Ты будешь служить золотому мешку, всю жизнь отдашь на служение ему — и, конечно, твой бог обманет тебя; он окажется ложным и бессильным дать тебе мир, радость и здоровье. Ты можешь верить, что только наслаждения дают смысл жизни и составляют ее истинное, божественное содержание — и, конечно, этот бог окажется лишь тщетным кумиром, призраком твоей любострастной фантазии.

Но кроме ложных богов, есть и истинный Бог.
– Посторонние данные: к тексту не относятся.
Definition mTX (Q : jdist) t x := sumR (fun y => Q t x y).
Definition mTY (Q : jdist) t y := sumR (fun x => Q t x y).
Definition mXY (Q : jdist) x y := sumR (fun t => Q t x y).
Definition mX (Q : jdist) x := sumR (fun t => sumR (fun y => Q t x y)).
Definition mY (Q : jdist) y := sumR (fun t => sumR (fun x => Q t x y)).

Definition DeltaP (P Q : jdist) : Prop :=
  is_dist Q /\ (forall t x, mTX Q t x = mTX P t x) /\ (forall t y, mTY Q t y = mTY P t y).

Definition full_supp_DeltaP (P : jdist) : Prop :=
  forall t x y, exists Q, DeltaP P Q /\ 0 < Q t x y.

(* affine hull of Delta_P: all finite affine combinations of its elements *)
Definition aff_comb (l : seq (R * jdist)) : jdist :=
  fun t x y => \big[Rplus/0]_(p <- l) (fst p * snd p t x y).

Definition in_aff_DeltaP (P Q : jdist) : Prop :=
  exists l : seq (R * jdist),
    (forall p, List.In p l -> DeltaP P (snd p)) /\
    \big[Rplus/0]_(p <- l) fst p = 1 /\
    Q = aff_comb l.

(* relative interior: interior of Delta_P relative to its affine hull
   (w.r.t. the sup-norm on R^(T x X x Y)) *)
Definition rel_interior_DeltaP (P Q : jdist) : Prop :=
  DeltaP P Q /\
  exists eps, 0 < eps /\
    forall Q', in_aff_DeltaP P Q' ->
      (forall t x y, Rabs (Q' t x y - Q t x y) < eps) -> DeltaP P Q'.

(* conditional entropy H_Q(T | X, Y), with 0 log 0 = 0 (natural log) *)
Definition condH_T_XY (Q : jdist) : R :=
  - sumR (fun t => sumR (fun x => sumR (fun y =>
      if Rlt_dec 0 (Q t x y) then Q t x y * ln (Q t x y / mXY Q x y) else 0))).

(* conditional mutual informations (natural log), summing over the support *)
Definition condI_TX_Y (Q : jdist) : R :=
  sumR (fun t => sumR (fun x => sumR (fun y =>
    if Rlt_dec 0 (Q t x y)
    then Q t x y * ln ((Q t x y * mY Q y) / (mTY Q t y * mXY Q x y)) else 0))).

Definition condI_TY_X (Q : jdist) : R :=
  sumR (fun t => sumR (fun x => sumR (fun y =>
    if Rlt_dec 0 (Q t x y)
    then Q t x y * ln ((Q t x y * mX Q x) / (mTX Q t x * mXY Q x y)) else 0))).

Definition CI_TX_given_Y (Q : jdist) : Prop :=
  forall t x y, Q t x y * mY Q y = mTY Q t y * mXY Q x y.
Definition CI_TY_given_X (Q : jdist) : Prop :=
  forall t x y, Q t x y * mX Q x = mTX Q t x * mXY Q x y.

Definition is_min_value (S : R -> Prop) (r : R) : Prop :=
  S r /\ forall s, S s -> r <= s.

Definition UI_X_minus_Y (P : jdist) (r : R) : Prop :=
  is_min_value (fun s => exists Q, DeltaP P Q /\ s = condI_TX_Y Q) r.
Definition UI_Y_minus_X (P : jdist) (r : R) : Prop :=
  is_min_value (fun s => exists Q, DeltaP P Q /\ s = condI_TY_X Q) r.

End Info.

(* A maximizer [Q] of H(T|X,Y) in the relative interior of Delta_P is positive, so
   [Q + s D] stays in Delta_P for small [s] whenever [D] has vanishing (T,X)- and
   (T,Y)-marginals.  Along [D = e_t (e_x - e_x') (e_y - e_y')] the derivative of the
   conditional entropy is an alternating sum of [ln Q(t|x,y)], so its vanishing says
   that every matrix [Q(t|.,.)] has rank one.  For |T| = 2 the two matrices are [v]
   and [1 - v], and both have rank one only if [v] is constant along rows or along
   columns: T is conditionally independent of Y given X, or of X given Y.  The
   corresponding conditional mutual information then vanishes at [Q], and it is
   nonnegative (Gibbs) on all of Delta_P, so the unique information is 0. *)

From HB Require Import structures.
From mathcomp Require Import all_boot.
From Stdlib Require Import Reals Lra FunctionalExtensionality Classical.
Set Implicit Arguments.
Unset Strict Implicit.
Unset Printing Implicit Defensive.
Local Open Scope R_scope.

HB.instance Definition _ :=
  Monoid.isComLaw.Build R 0 Rplus (fun a b c => esym (Rplus_assoc a b c))
    Rplus_comm Rplus_0_l.

Section FiniteSums.
Context {I J : finType}.

Lemma eq_sumR (F G : I -> R) : (forall i, F i = G i) -> sumR F = sumR G.
Proof. by move=> FG; apply: eq_bigr => i _. Qed.

Lemma sumRD (F G : I -> R) : sumR (fun i => F i + G i) = sumR F + sumR G.
Proof. exact: big_split. Qed.

Lemma sumRZ (c : R) (F : I -> R) : sumR (fun i => c * F i) = c * sumR F.
Proof. rewrite /sumR; elim/big_rec2: _ => [|i y1 y2 _ ->]; ring. Qed.

Lemma sumRB (F G : I -> R) : sumR (fun i => F i - G i) = sumR F - sumR G.
Proof.
rewrite (@eq_sumR _ (fun i => F i + -1 * G i)); last by move=> i; ring.
rewrite sumRD sumRZ; ring.
Qed.

Lemma sumR_eq0 (F : I -> R) : (forall i, F i = 0) -> sumR F = 0.
Proof. by move=> F0; apply: big1 => i _. Qed.

Lemma exchange_sumR (F : I -> J -> R) :
  sumR (fun i => sumR (fun j => F i j)) = sumR (fun j => sumR (fun i => F i j)).
Proof. exact: exchange_big. Qed.

Lemma leR_sumR (F G : I -> R) : (forall i, F i <= G i) -> sumR F <= sumR G.
Proof.
move=> FG; rewrite /sumR; elim/big_rec2: _ => [|i y1 y2 _]; last have := FG i; lra.
Qed.

Lemma sumR_ge0 (F : I -> R) : (forall i, 0 <= F i) -> 0 <= sumR F.
Proof.
move=> F0; rewrite /sumR; elim/big_rec: _ => [|i y _]; last have := F0 i; lra.
Qed.

Lemma leR_term_sumR (F : I -> R) (i : I) : (forall j, 0 <= F j) -> F i <= sumR F.
Proof.
move=> F0; rewrite /sumR (bigD1 i) //=.
have : 0 <= \big[Rplus/0]_(j | j != i) F j.
  by elim/big_rec: _ => [|j y _]; last have := F0 j; lra.
lra.
Qed.

Definition delta (a i : I) : R := if a == i then 1 else 0.

Lemma sumR_delta (a : I) (F : I -> R) : sumR (fun i => delta a i * F i) = F a.
Proof.
rewrite /sumR (bigD1 a) //= /delta eqxx big1; first ring.
by move=> i; rewrite eq_sym => /negbTE ->; ring.
Qed.

Lemma sumR_delta_sub (a b : I) (F : I -> R) :
  sumR (fun i => (delta a i - delta b i) * F i) = F a - F b.
Proof.
rewrite (@eq_sumR _ (fun i => delta a i * F i - delta b i * F i)).
  by rewrite sumRB !sumR_delta.
by move=> i; ring.
Qed.

Lemma sumR_card2 (i0 i1 : I) (F : I -> R) :
  i0 != i1 -> (forall i, i = i0 \/ i = i1) -> sumR F = F i0 + F i1.
Proof.
move=> i01 cover; rewrite /sumR (bigD1 i0) //=; congr (_ + _).
apply: big_pred1 => i /=.
by case: (cover i) => ->; rewrite ?eqxx ?(negbTE i01) // eq_sym i01.
Qed.

End FiniteSums.

Lemma card2_cover (I : finType) : #|I| = 2%nat ->
  exists i0 i1 : I, i0 != i1 /\ forall i, i = i0 \/ i = i1.
Proof.
rewrite cardE; have := enum_uniq I; have := mem_enum I.
case: (enum I) => [|a [|b [|c s]]] //= mem; rewrite inE andbT => ab _.
exists a, b; split => // i.
have : i \in [:: a; b] by rewrite mem.
by rewrite !inE => /orP [] /eqP ->; [left | right].
Qed.

Lemma derivable_pt_lim_sumR (I : finType) (F : I -> R -> R) (F' : I -> R) (x : R) :
  (forall i, derivable_pt_lim (F i) x (F' i)) ->
  derivable_pt_lim (fun s => sumR (fun i => F i s)) x (sumR F').
Proof.
move=> dF; rewrite /sumR; elim: (index_enum I) => [|i r IH].
  rewrite big_nil; apply: (derivable_pt_lim_ext (fct_cte 0)).
    by move=> s; rewrite big_nil.
  exact: derivable_pt_lim_const.
rewrite big_cons.
apply: (derivable_pt_lim_ext (plus_fct (F i) (fun s => \big[Rplus/0]_(j <- r) F j s))).
  by move=> s; rewrite big_cons.
exact: derivable_pt_lim_plus.
Qed.

Lemma derivable_pt_lim_affine (a b x : R) : derivable_pt_lim (fun s => a + s * b) x b.
Proof.
move=> eps eps0; exists (mkposreal 1 Rlt_0_1) => h h0 _.
by rewrite (_ : _ - b = 0); [rewrite Rabs_R0 | field].
Qed.

Lemma derivable_pt_lim_local_min (f : R -> R) (l r : R) :
  derivable_pt_lim f 0 l -> 0 < r -> (forall s, -r < s < r -> f 0 <= f s) -> l = 0.
Proof.
move=> df r0 fmin.
by apply: (deriv_minimum f (-r) r 0 (exist _ l df)); [lra | lra | move=> s *; apply: fmin].
Qed.

Lemma derivable_pt_lim_xlnx_div (q0 dq m dm : R) (M : R -> R) :
  0 < q0 -> 0 < m -> M 0 = m -> derivable_pt_lim M 0 dm ->
  derivable_pt_lim (fun s => (q0 + s * dq) * ln ((q0 + s * dq) / M s)) 0
    (dq * ln (q0 / m) + dq - dm * (q0 / m)).
Proof.
move=> q0_gt0 m_gt0 M0 dM.
have dq_lin := derivable_pt_lim_affine q0 dq 0.
have ratio0 : 0 < (q0 + 0 * dq) / M 0.
  by rewrite Rmult_0_l Rplus_0_r M0; apply: Rdiv_lt_0_compat.
have dratio := derivable_pt_lim_div _ _ _ _ _ dq_lin dM (ltac:(lra) : M 0 <> 0).
have dln := derivable_pt_lim_comp _ ln 0 _ _ dratio (derivable_pt_lim_ln _ ratio0).
have := derivable_pt_lim_mult _ _ 0 _ _ dq_lin dln.
rewrite /comp /div_fct Rmult_0_l Rplus_0_r M0 /Rsqr.
by congr derivable_pt_lim; field; lra.
Qed.

Definition rank_le1 (A B : Type) (v : A -> B -> R) : Prop :=
  forall a a' b b', v a b * v a' b' = v a b' * v a' b.

Lemma rank_le1_compl_const (A B : Type) (v : A -> B -> R) :
  rank_le1 v -> rank_le1 (fun a b => 1 - v a b) ->
  (forall a b b', v a b = v a b') \/ (forall a a' b, v a b = v a' b).
Proof.
move=> v1 w1.
(* the minor identity of [1 - v] minus that of [v] is [v a b + v a' b' = v a b' + v a' b] *)
have minor_factor a a' b b' : (v a b - v a b') * (v a b - v a' b) = 0.
  have h1 := v1 a a' b b'; have h2 := w1 a a' b b'.
  have sum_eq : v a b + v a' b' = v a b' + v a' b by nra.
  by have -> : v a b' = v a b + v a' b' - v a' b; [lra | nra].
case: (classic (exists a0 b1 b2, v a0 b1 <> v a0 b2)) => [[a0 [b1 [b2 b12]]] | const].
  right; suff col a b : v a b = v a0 b by move=> a a' b; rewrite col (col a').
  case: (Req_dec (v a0 b) (v a0 b1)) => E.
    by case/Rmult_integral: (minor_factor a0 a b b2) => ?; [exfalso; apply: b12 | ]; lra.
  by case/Rmult_integral: (minor_factor a0 a b b1); lra.
by left => a b b'; apply: NNPP => ?; apply: const; exists a, b, b'.
Qed.

Section ConditionalEntropy.
Context {T X Y : finType}.
Implicit Types (P Q D : jdist T X Y).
Когда почувствуешь вечную ценность личности, вечную ее красоту, всепобеждающую силу ее нравственного блага, тогда уверуешь, что совершеннейшая личность должна все победить, что ради нее только должно работать и только ей можно отдавать свою жизнь; тогда конечной целью всех твоих стремлений будет вечная Личность, исполненная бесконечного блага, бесконечной свободы и самосознания, — это и есть истинный Бог. В конце концов Он все победит, и мы бесконечно счастливы, что можем служить Ему, единому истинному Богу.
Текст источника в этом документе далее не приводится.